[SOLVED] FFmpeg Command Working in Terminal But Won't Run in KM

I am having trouble running a shell script from Keyboard Maestro that worked perfectly on another laptop. I recently got a new laptop, migrated everything across, but something is not working quite right.

The shell script I have is one that is triggered when a file gets added to a folder. It then runs an ffmpeg command, converting the video to another folder.

The shell script looks like this:

ffmpeg -i "$KMVAR_FileName" -filter:v fps=30 -preset fast -crf 28 "$KMVAR_FileNameNew"

The KMVARs have valid values.

If I run this script in terminal, it does exactly what it should do:

ffmpeg -i a.mp4 -filter:v fps=30 -preset fast -crf 28 b.mp4

But when the folder trigger happens (new file added) and it tries to run the shell script with the KMVARs in, it errors. The error log shows this:

2022-10-28 22:42:46 Execute a Shell Script failed with script error: text-script: line 1: ffmpeg: command not found. Macro “FFMpeg iMovie File” cancelled (while executing Execute Shell Script).

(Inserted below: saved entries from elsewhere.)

Lemma open_fin_num {Z : K -> \bar R} : continuous Z ->
  open [set w | Z w \is a fin_num].
Proof.
move=> cZ.
have -> : [set w | Z w \is a fin_num] =
    Z @^-1` [set t | (-oo < t)%E] `&` Z @^-1` [set t | (t < +oo)%E].
  apply/seteqP; split => w /=; first by rewrite fin_numE ltNye ltey => /andP.
  by case; rewrite fin_numE -ltNye -ltey => -> ->.
apply: openI.
  by apply: open_comp => [x _|]; [exact: cZ | exact: open_ereal_gt_ereal].
by apply: open_comp => [x _|]; [exact: cZ | exact: open_ereal_lt_ereal].
Qed.

Lemma Cinf_dense {Z : K -> \bar R} : Cinf Z -> dense [set w | Z w \is a fin_num].
Proof.
move=> [_ [N [N_nd fin_off_N]]] O [v Ov] oO; apply: contrapT => O_fin.
have : interior (closure N) v.
  apply: filterS (open_nbhs_nbhs (conj oO Ov)) => x Ox; apply: subset_closure.
  by apply/not_notP => Nx; apply: O_fin; exists x; split => //; exact: fin_off_N.
by rewrite N_nd.
Qed.

Lemma fin_num_family_open_dense {m} {Z : 'I_m -> K -> \bar R} :
  (forall i, Cinf (Z i)) ->
  open [set w | forall i, Z i w \is a fin_num] /\
  dense [set w | forall i, Z i w \is a fin_num].
Proof.
move=> CZ.
suff fin_s (s : seq 'I_m) : open [set w | forall i, i \in s -> Z i w \is a fin_num] /\
    dense [set w | forall i, i \in s -> Z i w \is a fin_num].
  have -> : [set w | forall i, Z i w \is a fin_num] =
      [set w | forall i, i \in enum 'I_m -> Z i w \is a fin_num].
    by apply/seteqP; split => w /= h i; [move=> _; exact: h | apply: h; rewrite mem_enum].
  exact: fin_s.
elim: s => [|i s [oS dS]].
  have -> : [set w | forall i, i \in [::] -> Z i w \is a fin_num] = setT.
    by apply/seteqP; split => w // _ i.
  by split; [exact: openT | move=> O [v Ov] _; exists v].
have -> : [set w | forall j, j \in i :: s -> Z j w \is a fin_num] =
    [set w | Z i w \is a fin_num] `&` [set w | forall j, j \in s -> Z j w \is a fin_num].
  apply/seteqP; split => w /=.
    by move=> h; split => [|j js]; apply: h; rewrite inE ?eqxx ?js ?orbT.
  by case=> h1 h2 j; rewrite inE => /orP[/eqP->//|]; exact: h2.
have oi : open [set w | Z i w \is a fin_num] by apply: open_fin_num; case: (CZ i).
by split; [exact: openI | apply: denseI => //; exact: Cinf_dense].
Qed.

Lemma Cinf_cscale (c : R) {Z : K -> \bar R} : Cinf Z -> Cinf (Defs.cscale c Z).
Proof.
case=> cZ [N [N_nd fin_N]]; split; first by move=> w; exact: cvgeZl (cZ w).
by exists N; split => // w /fin_N Zw; exact: fin_numM.
Qed.

Lemma nowhere_dense_setC (U : set K) : open U -> dense U -> nowhere_dense (~` U).
Proof.
move=> oU dU; apply/seteqP; split => // x.
rewrite /interior nbhsE => -[B [oB Bx] BC].
have [u [Bu Uu]] := dU B (ex_intro _ x Bx) oB.
by have [v [nUv Uv]] := BC u Bu U (open_nbhs_nbhs (conj oU Uu)).
Qed.

Lemma open_fin_family_preimage {m} {Z : 'I_m -> K -> \bar R} {U : set K}
    {O : set 'rV[R]_m} :
  (forall i, continuous (Z i)) -> open U ->
  (forall w, U w -> forall i, Z i w \is a fin_num) -> open O ->
  open (U `&` [set w | O (\row_i fine (Z i w))]).
Proof.
move=> cZ oU Ufin oO; rewrite openE => w [Uw Ow].
have /nbhs_ballP [e /= e0 He] : nbhs (\row_i fine (Z i w)) O.
  exact: open_nbhs_nbhs.
have near_i i : \forall v \near w,
    Z i v \is a fin_num /\ ball (fine (Z i w)) e (fine (Z i v)).
  have near_Z : nbhs (Z i w)
      [set t | t \is a fin_num /\ ball (fine (Z i w)) e (fine t)].
    rewrite -(fineK (Ufin w Uw i)).
    have near_z : nbhs (fine (Z i w))
        (fun r => r%:E \is a fin_num /\ ball (fine (Z i w)) e (fine r%:E)).
      by apply/nbhs_ballP; exists e.
    exact: near_z.
  exact: cZ i w _ near_Z.
have := @filter_forall K _ _ (nbhs w) (nbhs_filter w) near_i.
move=> /filterI /(_ (open_nbhs_nbhs (conj oU Uw))).
apply: filterS => v [near_v Uv]; split => //; apply: He.
by split => // i0 j; rewrite !mxE; exact: (near_v j).2.
Qed.

End ExtendedContinuity.

Section StoneExtension.
Context {R : realType} {K : topologicalType} (U : set K) (h : K -> R).
Hypothesis ED : extremally_disconnected K.
Hypothesis open_lt : forall r, open (U `&` [set w | h w < r]).
Hypothesis open_gt : forall r, open (U `&` [set w | r < h w]).

(* Clopen, by extremal disconnectedness. *)
Definition sublevel_closure r := closure (U `&` [set w | h w < r]).

Definition stone_ext (w : K) : \bar R :=
  ereal_inf [set r%:E | r in [set r | sublevel_closure r w]].

Lemma open_sublevel_closure r : open (sublevel_closure r).
Proof. exact: ED. Qed.

Lemma closed_sublevel_closure r : closed (sublevel_closure r).
Proof. exact: closed_closure. Qed.

Lemma sublevel_closureS r r' : r <= r' ->
  sublevel_closure r `<=` sublevel_closure r'.
Proof.
by move=> rr'; apply: closureS => w [Uw hw]; split => //; exact: lt_le_trans rr'.
Qed.

Lemma sublevel_closure_gt w r : U w -> r < h w -> ~ sublevel_closure r w.
Proof.
move=> Uw rh /(_ (U `&` [set w | r < h w])) [].
  by apply: open_nbhs_nbhs; split.
by move=> v [[_ h1] [_ h2]]; move: (lt_trans h2 h1); rewrite ltxx.
Qed.

Lemma stone_ext_le w r : sublevel_closure r w -> (stone_ext w <= r%:E)%E.
Proof. by move=> Ar; apply: ereal_inf_lbound; exists r. Qed.

Lemma stone_ext_ge w r : ~ sublevel_closure r w -> (r%:E <= stone_ext w)%E.
Proof.
move=> nA; apply: le_ereal_inf_tmp => _ [r' Ar' <-].
rewrite lee_fin leNgt; apply/negP => r'r; apply: nA.
exact: sublevel_closureS (ltW r'r) _ Ar'.
Qed.

Lemma stone_ext_lt w r : (stone_ext w < r%:E)%E -> sublevel_closure r w.
Proof.
move=> /ereal_inf_lt [_ [r' Ar' <-]]; rewrite lte_fin => r'r.
exact: sublevel_closureS (ltW r'r) _ Ar'.
Qed.

Lemma stone_extE w : U w -> stone_ext w = (h w)%:E.
Proof.
move=> Uw; apply/eqP; rewrite eq_le; apply/andP; split.
  apply/lee_addgt0Pr => e e0; rewrite -EFinD; apply: stone_ext_le.
  by apply: subset_closure; split; rewrite //= ltrDl.
apply: le_ereal_inf_tmp => _ [r Ar <-]; rewrite lee_fin leNgt; apply/negP => rh.
exact: sublevel_closure_gt Uw rh Ar.
Qed.

Lemma continuous_stone_ext : continuous stone_ext.
Proof.
move=> w O /=.
have nbQ (Q : set K) : open Q -> Q w -> (forall v, Q v -> O (stone_ext v)) ->
    nbhs w (stone_ext @^-1` O).
  by move=> oQ Qw QO; apply: filterS (open_nbhs_nbhs (conj oQ Qw)) => v; exact: QO.
case Zw : (stone_ext w) => [z||] HO.
- move: (HO : nbhs z (fun r => O r%:E)) => /nbhs_ballP [e /= e0 He].
  apply: (nbQ (sublevel_closure (z + e / 2) `&` ~` sublevel_closure (z - e / 2))).
  + exact: openI (open_sublevel_closure _) (closed_openC (closed_sublevel_closure _)).
  + split; first by apply: stone_ext_lt; rewrite Zw lte_fin; lra.
    by move=> /stone_ext_le; rewrite Zw lee_fin; lra.
  + move=> v [/stone_ext_le h1 /stone_ext_ge h2]; move: h1 h2.
    case: (stone_ext v) => [t||] //=; rewrite !lee_fin => b1 b2.
    by apply: He; rewrite /ball /= ltr_norml; apply/andP; split; lra.
- move: HO => [M [_ HM]].
  apply: (nbQ (~` sublevel_closure (M + 1))).
  + exact: closed_openC (closed_sublevel_closure _).
  + by move=> /stone_ext_le; rewrite Zw.
  + move=> v /stone_ext_ge h1; apply: HM; apply: lt_le_trans h1.
    by rewrite lte_fin; lra.
- move: HO => [M [_ HM]].
  apply: (nbQ (sublevel_closure (M - 1))).
  + exact: open_sublevel_closure.
  + by apply: stone_ext_lt; rewrite Zw ltNyr.
  + move=> v /stone_ext_le h1; apply: HM; apply: le_lt_trans h1 _.
    by rewrite lte_fin; lra.
Qed.

End StoneExtension.

Section FunctionalCalculus.
Context {R : realType} {K : topologicalType}.
Hypothesis ED : extremally_disconnected K.

Lemma fcalc_exists {m} {f : 'rV[R]_m -> R} {Z : 'I_m -> K -> \bar R} :
  continuous f -> (forall i, Cinf (Z i)) ->
  exists Y : K -> \bar R, Cinf Y /\ forall w, (forall i, Z i w \is a fin_num) ->
    Y w = (f (\row_i fine (Z i w)))%:E.
Proof.
move=> fc CZ.
pose U := [set w | forall i, Z i w \is a fin_num].
have [oU dU] := fin_num_family_open_dense CZ.
have cZ i : continuous (Z i) by case: (CZ i).
have open_level (O : set R) : open O ->
    open (U `&` [set w | O (f (\row_i fine (Z i w)))]).
  move=> oO; apply: (open_fin_family_preimage (O := f @^-1` O)) => //.
  exact: open_comp (fun x _ => fc x) oO.
pose g w := f (\row_i fine (Z i w)).
have glt r : open (U `&` [set w | g w < r]).
  exact: open_level [set t | t < r] (open_lt (y := r)).
have ggt r : open (U `&` [set w | r < g w]).
  exact: open_level [set t | r < t] (open_gt (y := r)).
exists (stone_ext U g); split; last exact: stone_extE U g ggt.
split; first exact: continuous_stone_ext.
exists (~` U); split; first exact: nowhere_dense_setC.
by move=> w /contrapT Uw; rewrite (stone_extE U g ggt).
Qed.

Lemma fcalc_spec {m} {f : 'rV[R]_m -> R} {Z : 'I_m -> K -> \bar R} :
  continuous f -> (forall i, Cinf (Z i)) ->
  Cinf (fcalc f Z) /\ forall w, (forall i, Z i w \is a fin_num) ->
    fcalc f Z w = (f (\row_i fine (Z i w)))%:E.
Proof. by move=> fc CZ; exact: epsilon_spec (fcalc_exists fc CZ). Qed.

(* Addition is the functional calculus of (s, t) |-> s + t. *)
Lemma cadd_spec {X Y : K -> \bar R} : Cinf X -> Cinf Y ->
  Cinf (Defs.cadd X Y) /\ forall w, X w \is a fin_num -> Y w \is a fin_num ->
    Defs.cadd X Y w = (X w + Y w)%E.
Proof.
move=> CX CY.
suff add_exists : exists W : K -> \bar R, Cinf W /\
    forall w, X w \is a fin_num -> Y w \is a fin_num -> W w = (X w + Y w)%E.
  exact: epsilon_spec _ _ add_exists.
pose Z (i : 'I_2) := if i == ord0 then X else Y.
pose add2 (v : 'rV[R]_2) := v ord0 ord0 + v ord0 ord_max.
have add2_cont : continuous add2.
  move=> v; exact: (continuousD (@coord_continuous R 1 2 ord0 ord0 v)
     (@coord_continuous R 1 2 ord0 ord_max v)).
have CZ i : Cinf (Z i) by rewrite /Z; case: (i == ord0).
have [W [CW WE]] := fcalc_exists add2_cont CZ.
exists W; split => // w Xw Yw.
rewrite WE; last by move=> i; rewrite /Z; case: (i == ord0).
by rewrite /add2 !mxE /Z /= EFinD !fineK.
Qed.

Lemma cle_subr_ge0 {A B : K -> \bar R} : Cinf A -> Cinf B ->
  cle A B <-> cle (@Defs.czero R K) (Defs.cadd B (Defs.cscale (-1) A)).
Proof.
move=> CA CB.
have [CD DE] := cadd_spec CB (Cinf_cscale (-1) CA).
have [cA _] := CA; have [cB _] := CB.
have dAB : dense ([set w | A w \is a fin_num] `&` [set w | B w \is a fin_num]).
  by apply: denseI; [exact: open_fin_num | exact: Cinf_dense | exact: Cinf_dense].
have c0 : continuous (@Defs.czero R K) := @cst_continuous K (\bar R) 0%E.
have DwE w : A w \is a fin_num -> B w \is a fin_num ->
    Defs.cadd B (Defs.cscale (-1) A) w = (fine (B w) - fine (A w))%:E.
  move=> Aw Bw; rewrite DE //; last exact: fin_numM.
  by rewrite /Defs.cscale -{1}(fineK Aw) -{1}(fineK Bw) -!EFinM -EFinD mulN1r.
split=> [le_AB | D0].
  apply: cle_dense c0 CD.1 dAB _ => w [/= Aw Bw].
  by rewrite DwE // lee_fin subr_ge0 -lee_fin !fineK.
apply: cle_dense cA cB dAB _ => w [/= Aw Bw].
by have := D0 w; rewrite DwE // lee_fin subr_ge0 -lee_fin !fineK.
Qed.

Now, I know that ffmpeg is installed, and I know it works in Terminal. But clearly there's something I've missed, and I have no idea whether this is a KM issue or something else. Given that this works perfectly on my old laptop, I assume it's an environment thing, a setting I have not yet applied to the new laptop.

Can anyone tell me what I need to do to get KM to run this?

You haven't provided the full path to ffmpeg

See:

action:Execute a Shell Script [Keyboard Maestro Wiki]

  • The $PATH environment variable you may have set in Terminal is not used.

(The search paths defined in the Terminal.app shell instance are not defined in the vanilla shell instance used by Execute Shell Script)


In Terminal.app, you can, of course find the full path with an incantation like:

which ffmpeg

and the full path may be something like

/usr/local/bin/ffmpeg

OK, cool. So typing which ffmpeg told me it was here:

/opt/homebrew/bin/

Updated the shell script and now that works.

However, what I don't understand is why this worked WITHOUT the full path on my old laptop. I figure I must have run some other command that somehow set the path. It's fine though, I can simply add in /opt/homebrew/bin/ and. it works, but I wonder what I did last time for it to not to need that.

1 Like

Oh, and of course ... thank you!

I’d guess the path was in your KM_VAR or echo path

1 Like

You probably did do it last time -- and, depending on how you migrated to your new laptop, that path may still be in your KM vars. But if you've upgraded from an Intel to Apple Silicon then your homebrew installation path has changed, from /usr/local/bin to /opt/homebrew/bin.